I am failing to join end grain to side grain with western red cedar. The joint falls a part with 2 test pieces using Titelbond III. The glue is new, and the wood is dried - bought from a lumber yard as dressed 2x4's.

I applied glue to the end grain first, and waited 10 min. Then applied more glue and clamped to the side grain piece. Waited 45 min then tested.

[Ultimately, I'll aid the joint with 2 mahogany dowels. But since it's for outdoors...would be nice to get more than only the dowel pins holding[.

Note: my first trial was end grain to end grain, clamped over night. No go, which made me switch to end to side grain.


----------



## Dave Paine (May 30, 2012)

Sorry to advise but end grain joined to anything is weak.

You will need to rely on the dowels for the strength.

The alternate is a mortise and tenon joint.


----------



## GeorgeC (Jul 30, 2008)

The end grain of cedar is very porous. Hard to make glue joint.

As stated a mortise and tenon joint is good. Even a half lap joint would be OK. You could even pin the half lap joint with a dowel.
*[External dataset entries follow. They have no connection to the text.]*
Lemma orbit_code c : c \in C ->
  orbit 'P rhoG c = [set iter x.1 (rho l) (x.2 *: c) | x : 'I_tn * F in shift_scale_pairs].
Proof.
move=> cC; have theta_tn : theta ^+ tn = 1 by rewrite exprAC expr_zeta_tn expr1n.
apply/setP => d; apply/orbit_rhoM_groupP/imsetP => [[j [b [b0 <-]]] | [[j b]]].
  exists (Ordinal (ltn_pmod j tn_gt0), b); rewrite ?inE //=.
  apply: rVhorner_code_inj; rewrite ?ideal_gen_iter_rhoZ //=.
  by rewrite !rVhorner_iter_rhoZ ?expr_theta_n // -(expr_mod _ theta_tn).
by rewrite inE /= => b0 ->; exists j, b.
Qed.

Lemma card_orbit_code c : c \in C :\ 0 ->
  (#|orbit 'P rhoG c| * gcdn w tn)%N = (tn * q.-1)%N.
Proof.
rewrite in_setD1 => /andP [c0 cC]; rewrite orbit_code // -card_shift_scale_pairs.
apply: card_imset_uniform_fibers => y y_pair.
rewrite -(card_theta_scalar_fiber y_pair).
have c_theta0 : rVhorner c theta != 0.
  apply: contraNneq c0 => c_theta; apply/eqP/rVhorner_code_inj => //.
    exact: ideal_gen0.
  by rewrite c_theta rVhorner0.
apply: eq_card => x; rewrite !inE; congr (_ && _); apply/eqP/eqP => [xy | xy].
  have := congr1 (fun v => rVhorner v theta) xy.
  by rewrite /= !rVhorner_iter_rhoZ ?expr_theta_n // => /(mulIf c_theta0).
apply: rVhorner_code_inj; rewrite ?ideal_gen_iter_rhoZ //.
by rewrite !rVhorner_iter_rhoZ ?expr_theta_n // xy.
Qed.

Lemma card_orbits_code :
  (#|C :\ 0%R| * gcdn w tn)%N = (#|orbit 'P rhoG @: (C :\ 0%R)| * (tn * q.-1))%N.
Proof.
have acts : [acts rhoG, on C :\ 0 | 'P].
  apply: rhoM_group_acts => j b x b0; rewrite !in_setD1 iter_rhoZ_eq0 //.
  by case/andP=> -> /(ideal_gen_iter_rhoZ n_gt0 j b).
rewrite (card_partition (orbit_partition acts)) big_distrl /= -sum_nat_const.
by apply: eq_bigr => _ /imsetP [c cC ->]; rewrite card_orbit_code.
Qed.

End IrreducibleCode.

Theorem lemma5 (F : finFieldType) (n t : nat) (lam : {unit F}) (alpha : nat)
    (L : fieldExtType F) (zeta : L) (g : {poly F}) :
  (0 < n)%N -> coprime n #|F| ->
  (0 < t)%N -> t.-primitive_root (val lam) ->
  (t * n)%N.-primitive_root zeta -> zeta ^+ n = (val lam)%:A ->
  (alpha < n)%N ->
  (forall beta, (beta < alpha)%N ->
     ~~ in_cyc (t * n) #|F| (1 + t * alpha) ((1 + t * beta) %% (t * n))) ->
  map_poly (in_alg L) g = gen_poly_L n zeta (val lam) (t * n) #|F| (1 + t * alpha) ->
  let q := #|F| in
  let k := #|cyc_coset (t * n) q (1 + t * alpha)| in
  let C := ideal_gen n (val lam) g in
  let Cs := C :\ 0 in
  let N := #|orbit 'P (rhoM_group n lam) @: Cs| in
  let nweights := size (undup [seq wt c | c <- enum Cs]) in
  [/\ N%:Q = ((q ^ k - 1) * gcdn ((q - 1) * (1 + t * alpha)) (t * n))%N%:Q
              / ((q - 1) * t * n)%N%:Q,
      (nweights <= N)%N &
      (nweights = N <->
        (forall c1 c2, c1 \in Cs -> c2 \in Cs -> wt c1 = wt c2 ->
          exists (j : nat) (b : F), b != 0 /\ iter j (rho (val lam)) (b *: c1) = c2))].
Proof.
move=> n_gt0 _ t_gt0 lam_prim zeta_prim zeta_n _ _ g_def q k C Cs N nweights.
have card_Cs := card_code_nonzero n_gt0 lam_prim zeta_prim zeta_n g_def.
have wt_orbit := @wt_orbit_rhoM F n lam.
split.
- have q1_gt0 : (0 < q - 1)%N by rewrite subn_gt0 finNzRing_gt1.
  rewrite -card_Cs (card_orbits_code n_gt0 t_gt0 lam_prim zeta_prim zeta_n g_def).
  rewrite -/N subn1 [(t * n * _)%N]mulnC [(_.-1 * _)%N]mulnA -subn1 PoszM intrM mulfK //.
  by rewrite intr_eq0 -lt0n !muln_gt0 q1_gt0 t_gt0 n_gt0.
- exact: card_orbit_values_le.
rewrite card_orbit_values_eq //.
by split=> same_orbit c1 c2 c1C c2C same_wt; apply/orbit_rhoM_groupP/same_orbit.
Qed.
If we knew more about your overall intent it would help.

George


----------



## DaveTTC (May 25, 2012)

brookbend said:


> I am failing to join end grain to side grain with western red cedar. The joint falls a part with 2 test pieces using Titelbond III. The glue is new, and the wood is dried - bought from a lumber yard as dressed 2x4's.
> 
> I applied glue to the end grain first, and waited 10 min. Then applied more glue and clamped to the side grain piece. Waited 45 min then tested.
> 
> ...


I can't imagine why you would have an end to end joint for a new build unless it is some kind of mitre. I agree with George. Mortise and tenon sounds the way to go. Dowel may be ok too, depends on application, for that matter a biscuit joint might even work for what you want. 

I am planing to use WRC to make a timber camper for my truck. My intension is to use mortise and tenon on main framing.

Dave The Turning Cowboy


----------



## veerji (Sep 29, 2012)

Note: my first trial was end grain to end grain, clamped over night. No go, which made me switch to end to side grain.


----------



## rayking49 (Nov 6, 2011)

What are you attempting to make?


----------